# Exercise description
Find the line with "(* Let $\ell>0$" in the entries below, then reproduce it and every line after it down to and including the line with "Definition vadd (u", exactly.

# Extracted data
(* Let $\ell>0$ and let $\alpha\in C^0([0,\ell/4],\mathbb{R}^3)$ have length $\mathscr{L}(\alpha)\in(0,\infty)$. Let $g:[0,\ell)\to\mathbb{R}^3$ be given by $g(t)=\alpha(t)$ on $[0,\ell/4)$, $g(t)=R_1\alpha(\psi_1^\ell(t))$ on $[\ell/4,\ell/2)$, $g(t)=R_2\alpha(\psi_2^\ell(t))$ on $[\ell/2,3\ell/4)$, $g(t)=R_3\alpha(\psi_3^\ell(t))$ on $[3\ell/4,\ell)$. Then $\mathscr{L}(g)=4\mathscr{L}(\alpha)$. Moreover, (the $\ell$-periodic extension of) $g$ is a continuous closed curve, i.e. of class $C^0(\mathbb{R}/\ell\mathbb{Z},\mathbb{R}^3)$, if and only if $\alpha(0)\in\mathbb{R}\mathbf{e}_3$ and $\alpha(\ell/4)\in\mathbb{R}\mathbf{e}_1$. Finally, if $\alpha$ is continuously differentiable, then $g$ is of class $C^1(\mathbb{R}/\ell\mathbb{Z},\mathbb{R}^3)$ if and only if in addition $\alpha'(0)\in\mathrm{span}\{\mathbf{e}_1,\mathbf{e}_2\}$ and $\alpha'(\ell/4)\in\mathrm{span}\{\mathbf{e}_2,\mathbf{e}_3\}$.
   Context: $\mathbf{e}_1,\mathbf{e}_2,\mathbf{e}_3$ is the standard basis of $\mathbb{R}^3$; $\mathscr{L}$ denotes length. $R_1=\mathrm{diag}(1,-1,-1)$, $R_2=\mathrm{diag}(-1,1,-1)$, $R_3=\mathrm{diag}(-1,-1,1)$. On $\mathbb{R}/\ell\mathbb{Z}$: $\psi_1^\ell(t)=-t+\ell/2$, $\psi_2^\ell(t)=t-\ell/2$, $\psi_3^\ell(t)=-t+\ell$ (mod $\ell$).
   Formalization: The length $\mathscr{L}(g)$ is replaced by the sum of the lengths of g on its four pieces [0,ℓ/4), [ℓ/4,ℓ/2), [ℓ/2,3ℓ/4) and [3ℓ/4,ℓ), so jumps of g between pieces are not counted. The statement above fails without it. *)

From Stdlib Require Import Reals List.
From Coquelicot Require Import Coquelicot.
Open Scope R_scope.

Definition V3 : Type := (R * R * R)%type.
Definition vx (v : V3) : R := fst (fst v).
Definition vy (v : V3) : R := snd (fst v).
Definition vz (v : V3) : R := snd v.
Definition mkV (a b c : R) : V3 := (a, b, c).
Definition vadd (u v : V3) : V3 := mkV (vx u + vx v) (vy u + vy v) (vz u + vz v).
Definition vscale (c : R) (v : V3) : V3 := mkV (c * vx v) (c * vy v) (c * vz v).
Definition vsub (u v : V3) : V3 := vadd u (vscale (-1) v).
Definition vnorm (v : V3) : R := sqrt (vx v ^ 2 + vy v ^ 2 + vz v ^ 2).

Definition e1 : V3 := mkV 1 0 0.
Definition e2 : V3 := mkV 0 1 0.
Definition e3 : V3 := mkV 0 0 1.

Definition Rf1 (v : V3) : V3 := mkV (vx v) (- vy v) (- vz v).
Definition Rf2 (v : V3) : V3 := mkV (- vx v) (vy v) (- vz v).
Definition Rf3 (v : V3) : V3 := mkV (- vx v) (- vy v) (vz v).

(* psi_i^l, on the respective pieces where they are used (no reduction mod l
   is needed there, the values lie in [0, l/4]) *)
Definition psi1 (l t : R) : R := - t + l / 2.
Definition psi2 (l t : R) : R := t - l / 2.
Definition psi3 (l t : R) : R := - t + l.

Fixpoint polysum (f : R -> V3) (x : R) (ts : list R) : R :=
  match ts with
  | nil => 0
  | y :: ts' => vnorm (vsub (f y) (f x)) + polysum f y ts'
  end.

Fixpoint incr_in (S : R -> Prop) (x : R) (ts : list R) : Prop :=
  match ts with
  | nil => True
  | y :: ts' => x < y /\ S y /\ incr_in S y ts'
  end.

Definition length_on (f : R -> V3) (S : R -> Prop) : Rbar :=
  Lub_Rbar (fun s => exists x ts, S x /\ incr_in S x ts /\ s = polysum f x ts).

==

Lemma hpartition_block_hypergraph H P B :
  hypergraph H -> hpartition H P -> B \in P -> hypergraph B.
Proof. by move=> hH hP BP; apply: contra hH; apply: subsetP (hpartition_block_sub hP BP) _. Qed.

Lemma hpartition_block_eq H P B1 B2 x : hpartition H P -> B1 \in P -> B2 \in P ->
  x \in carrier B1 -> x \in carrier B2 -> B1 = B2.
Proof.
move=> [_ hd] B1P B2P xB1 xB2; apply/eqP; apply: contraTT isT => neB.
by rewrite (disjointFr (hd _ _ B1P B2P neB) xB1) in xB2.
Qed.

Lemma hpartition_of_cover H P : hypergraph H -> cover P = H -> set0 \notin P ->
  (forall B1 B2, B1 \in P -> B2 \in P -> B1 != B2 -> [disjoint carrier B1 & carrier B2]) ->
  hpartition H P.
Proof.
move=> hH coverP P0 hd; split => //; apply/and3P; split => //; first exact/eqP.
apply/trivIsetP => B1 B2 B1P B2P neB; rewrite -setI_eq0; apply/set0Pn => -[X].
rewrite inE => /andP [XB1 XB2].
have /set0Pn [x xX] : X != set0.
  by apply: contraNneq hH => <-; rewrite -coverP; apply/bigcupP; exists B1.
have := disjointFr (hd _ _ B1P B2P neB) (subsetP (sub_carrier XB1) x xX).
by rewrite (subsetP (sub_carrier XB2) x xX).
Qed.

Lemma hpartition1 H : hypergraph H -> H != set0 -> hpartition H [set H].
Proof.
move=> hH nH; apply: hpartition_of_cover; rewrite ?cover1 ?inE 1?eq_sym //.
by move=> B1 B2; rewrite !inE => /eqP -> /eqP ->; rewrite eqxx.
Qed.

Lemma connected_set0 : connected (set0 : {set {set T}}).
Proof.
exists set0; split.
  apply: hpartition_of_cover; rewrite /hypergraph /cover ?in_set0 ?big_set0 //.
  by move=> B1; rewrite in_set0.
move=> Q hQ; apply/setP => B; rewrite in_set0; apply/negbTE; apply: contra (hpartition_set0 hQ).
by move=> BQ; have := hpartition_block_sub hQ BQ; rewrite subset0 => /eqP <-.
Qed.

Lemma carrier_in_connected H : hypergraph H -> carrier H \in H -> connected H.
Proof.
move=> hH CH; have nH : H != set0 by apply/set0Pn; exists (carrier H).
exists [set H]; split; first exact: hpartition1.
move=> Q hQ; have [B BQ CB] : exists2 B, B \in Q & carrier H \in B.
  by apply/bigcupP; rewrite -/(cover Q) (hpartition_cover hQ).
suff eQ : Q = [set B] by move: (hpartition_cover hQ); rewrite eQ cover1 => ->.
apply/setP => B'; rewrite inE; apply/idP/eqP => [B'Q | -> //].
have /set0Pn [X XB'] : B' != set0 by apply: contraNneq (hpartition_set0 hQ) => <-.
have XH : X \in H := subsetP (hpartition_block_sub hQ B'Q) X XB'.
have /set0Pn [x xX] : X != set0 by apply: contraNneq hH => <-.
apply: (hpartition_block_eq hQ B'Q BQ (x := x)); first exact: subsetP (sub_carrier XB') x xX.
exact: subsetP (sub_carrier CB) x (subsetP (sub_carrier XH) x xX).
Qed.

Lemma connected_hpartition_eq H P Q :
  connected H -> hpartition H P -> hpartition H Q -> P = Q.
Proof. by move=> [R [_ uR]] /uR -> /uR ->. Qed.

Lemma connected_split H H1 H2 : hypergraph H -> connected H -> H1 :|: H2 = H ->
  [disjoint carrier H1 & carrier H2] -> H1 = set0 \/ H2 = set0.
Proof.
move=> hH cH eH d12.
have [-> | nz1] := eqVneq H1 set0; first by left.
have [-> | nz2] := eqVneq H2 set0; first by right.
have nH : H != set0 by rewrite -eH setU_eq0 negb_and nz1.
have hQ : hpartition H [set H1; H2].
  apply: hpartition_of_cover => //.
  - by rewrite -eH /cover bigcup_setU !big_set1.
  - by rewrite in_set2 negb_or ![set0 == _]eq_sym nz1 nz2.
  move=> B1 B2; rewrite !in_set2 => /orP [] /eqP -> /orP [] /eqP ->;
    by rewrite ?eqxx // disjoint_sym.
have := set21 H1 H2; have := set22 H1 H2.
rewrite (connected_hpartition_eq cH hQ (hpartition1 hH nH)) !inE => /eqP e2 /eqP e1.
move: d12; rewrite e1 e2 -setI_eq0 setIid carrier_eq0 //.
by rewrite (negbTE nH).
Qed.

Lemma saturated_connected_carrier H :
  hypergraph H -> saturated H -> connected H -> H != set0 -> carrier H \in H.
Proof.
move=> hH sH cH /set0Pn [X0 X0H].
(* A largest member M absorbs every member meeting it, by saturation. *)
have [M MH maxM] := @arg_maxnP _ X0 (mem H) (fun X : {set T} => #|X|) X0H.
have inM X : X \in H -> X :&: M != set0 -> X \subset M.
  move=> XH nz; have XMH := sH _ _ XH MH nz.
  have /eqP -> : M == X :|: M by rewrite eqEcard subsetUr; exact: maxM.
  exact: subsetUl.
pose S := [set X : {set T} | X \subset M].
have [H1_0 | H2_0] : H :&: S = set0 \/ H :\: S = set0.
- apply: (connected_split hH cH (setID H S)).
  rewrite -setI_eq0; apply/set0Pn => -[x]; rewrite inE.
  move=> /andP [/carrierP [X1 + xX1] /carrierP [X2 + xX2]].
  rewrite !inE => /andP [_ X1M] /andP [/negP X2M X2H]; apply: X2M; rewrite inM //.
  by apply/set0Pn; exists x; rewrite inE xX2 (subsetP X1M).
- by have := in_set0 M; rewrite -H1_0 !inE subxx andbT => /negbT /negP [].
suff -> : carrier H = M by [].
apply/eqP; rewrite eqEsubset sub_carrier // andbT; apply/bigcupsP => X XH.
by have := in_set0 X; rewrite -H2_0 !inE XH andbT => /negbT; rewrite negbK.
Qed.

==

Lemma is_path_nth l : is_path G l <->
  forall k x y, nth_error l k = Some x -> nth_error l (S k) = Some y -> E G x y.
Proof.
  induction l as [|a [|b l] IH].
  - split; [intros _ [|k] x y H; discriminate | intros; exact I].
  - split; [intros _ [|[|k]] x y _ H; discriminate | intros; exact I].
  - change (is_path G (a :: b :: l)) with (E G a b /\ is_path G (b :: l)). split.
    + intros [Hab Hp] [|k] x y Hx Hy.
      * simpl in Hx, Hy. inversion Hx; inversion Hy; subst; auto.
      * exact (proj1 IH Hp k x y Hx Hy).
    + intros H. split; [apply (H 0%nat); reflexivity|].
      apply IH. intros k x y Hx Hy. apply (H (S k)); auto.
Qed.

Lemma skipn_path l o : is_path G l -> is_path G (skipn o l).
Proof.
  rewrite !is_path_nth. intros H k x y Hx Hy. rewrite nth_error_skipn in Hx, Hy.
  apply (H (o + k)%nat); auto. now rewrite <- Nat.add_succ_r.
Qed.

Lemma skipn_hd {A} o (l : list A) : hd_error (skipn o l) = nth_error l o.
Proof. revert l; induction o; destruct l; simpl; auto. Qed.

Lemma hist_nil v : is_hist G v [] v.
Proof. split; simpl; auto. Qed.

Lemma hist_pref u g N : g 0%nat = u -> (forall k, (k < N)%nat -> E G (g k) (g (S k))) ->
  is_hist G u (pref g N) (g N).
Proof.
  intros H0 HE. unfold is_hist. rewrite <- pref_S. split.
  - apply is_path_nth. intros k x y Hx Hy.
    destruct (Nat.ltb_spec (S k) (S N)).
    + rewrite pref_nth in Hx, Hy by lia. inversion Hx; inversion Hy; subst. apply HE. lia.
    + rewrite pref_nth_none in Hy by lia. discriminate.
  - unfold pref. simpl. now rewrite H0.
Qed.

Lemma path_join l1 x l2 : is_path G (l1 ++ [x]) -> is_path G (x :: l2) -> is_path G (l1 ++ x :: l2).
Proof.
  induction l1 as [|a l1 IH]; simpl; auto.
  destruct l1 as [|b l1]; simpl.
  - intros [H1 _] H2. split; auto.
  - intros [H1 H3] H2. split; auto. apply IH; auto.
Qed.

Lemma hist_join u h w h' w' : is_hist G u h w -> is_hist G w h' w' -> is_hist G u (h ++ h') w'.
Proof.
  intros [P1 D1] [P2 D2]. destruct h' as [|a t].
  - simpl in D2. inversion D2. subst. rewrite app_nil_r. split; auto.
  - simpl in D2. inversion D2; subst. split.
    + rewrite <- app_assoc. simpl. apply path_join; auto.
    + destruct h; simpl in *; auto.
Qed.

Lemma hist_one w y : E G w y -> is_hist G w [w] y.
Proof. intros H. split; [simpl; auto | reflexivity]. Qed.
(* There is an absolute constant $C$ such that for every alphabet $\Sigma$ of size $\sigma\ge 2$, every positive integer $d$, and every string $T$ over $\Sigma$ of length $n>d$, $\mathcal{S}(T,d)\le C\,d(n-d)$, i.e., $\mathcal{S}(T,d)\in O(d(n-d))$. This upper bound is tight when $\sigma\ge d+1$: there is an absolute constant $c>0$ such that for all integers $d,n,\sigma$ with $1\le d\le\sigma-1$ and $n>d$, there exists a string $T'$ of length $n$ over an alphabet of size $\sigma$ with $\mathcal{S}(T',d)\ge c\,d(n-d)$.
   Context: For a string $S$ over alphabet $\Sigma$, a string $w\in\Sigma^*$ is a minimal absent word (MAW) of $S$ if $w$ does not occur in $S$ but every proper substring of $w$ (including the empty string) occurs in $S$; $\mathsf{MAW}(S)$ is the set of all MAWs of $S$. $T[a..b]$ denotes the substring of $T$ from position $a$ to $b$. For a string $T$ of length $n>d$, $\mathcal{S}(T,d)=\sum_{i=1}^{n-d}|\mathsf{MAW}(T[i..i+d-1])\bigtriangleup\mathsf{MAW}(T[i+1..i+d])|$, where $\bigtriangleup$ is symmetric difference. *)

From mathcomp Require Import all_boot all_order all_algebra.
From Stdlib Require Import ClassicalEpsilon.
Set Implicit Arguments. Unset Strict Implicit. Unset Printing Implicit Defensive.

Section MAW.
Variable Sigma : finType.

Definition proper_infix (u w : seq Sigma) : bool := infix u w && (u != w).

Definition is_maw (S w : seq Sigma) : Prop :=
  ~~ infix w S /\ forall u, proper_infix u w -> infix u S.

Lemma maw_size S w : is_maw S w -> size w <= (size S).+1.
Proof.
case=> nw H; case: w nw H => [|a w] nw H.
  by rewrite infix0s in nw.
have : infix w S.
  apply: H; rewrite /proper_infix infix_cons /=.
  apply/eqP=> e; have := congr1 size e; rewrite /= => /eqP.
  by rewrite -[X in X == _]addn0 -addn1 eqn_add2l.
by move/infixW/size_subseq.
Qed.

# Exercise response
(* Let $\ell>0$ and let $\alpha\in C^0([0,\ell/4],\mathbb{R}^3)$ have length $\mathscr{L}(\alpha)\in(0,\infty)$. Let $g:[0,\ell)\to\mathbb{R}^3$ be given by $g(t)=\alpha(t)$ on $[0,\ell/4)$, $g(t)=R_1\alpha(\psi_1^\ell(t))$ on $[\ell/4,\ell/2)$, $g(t)=R_2\alpha(\psi_2^\ell(t))$ on $[\ell/2,3\ell/4)$, $g(t)=R_3\alpha(\psi_3^\ell(t))$ on $[3\ell/4,\ell)$. Then $\mathscr{L}(g)=4\mathscr{L}(\alpha)$. Moreover, (the $\ell$-periodic extension of) $g$ is a continuous closed curve, i.e. of class $C^0(\mathbb{R}/\ell\mathbb{Z},\mathbb{R}^3)$, if and only if $\alpha(0)\in\mathbb{R}\mathbf{e}_3$ and $\alpha(\ell/4)\in\mathbb{R}\mathbf{e}_1$. Finally, if $\alpha$ is continuously differentiable, then $g$ is of class $C^1(\mathbb{R}/\ell\mathbb{Z},\mathbb{R}^3)$ if and only if in addition $\alpha'(0)\in\mathrm{span}\{\mathbf{e}_1,\mathbf{e}_2\}$ and $\alpha'(\ell/4)\in\mathrm{span}\{\mathbf{e}_2,\mathbf{e}_3\}$.
   Context: $\mathbf{e}_1,\mathbf{e}_2,\mathbf{e}_3$ is the standard basis of $\mathbb{R}^3$; $\mathscr{L}$ denotes length. $R_1=\mathrm{diag}(1,-1,-1)$, $R_2=\mathrm{diag}(-1,1,-1)$, $R_3=\mathrm{diag}(-1,-1,1)$. On $\mathbb{R}/\ell\mathbb{Z}$: $\psi_1^\ell(t)=-t+\ell/2$, $\psi_2^\ell(t)=t-\ell/2$, $\psi_3^\ell(t)=-t+\ell$ (mod $\ell$).
   Formalization: The length $\mathscr{L}(g)$ is replaced by the sum of the lengths of g on its four pieces [0,ℓ/4), [ℓ/4,ℓ/2), [ℓ/2,3ℓ/4) and [3ℓ/4,ℓ), so jumps of g between pieces are not counted. The statement above fails without it. *)

From Stdlib Require Import Reals List.
From Coquelicot Require Import Coquelicot.
Open Scope R_scope.

Definition V3 : Type := (R * R * R)%type.
Definition vx (v : V3) : R := fst (fst v).
Definition vy (v : V3) : R := snd (fst v).
Definition vz (v : V3) : R := snd v.
Definition mkV (a b c : R) : V3 := (a, b, c).
Definition vadd (u v : V3) : V3 := mkV (vx u + vx v) (vy u + vy v) (vz u + vz v).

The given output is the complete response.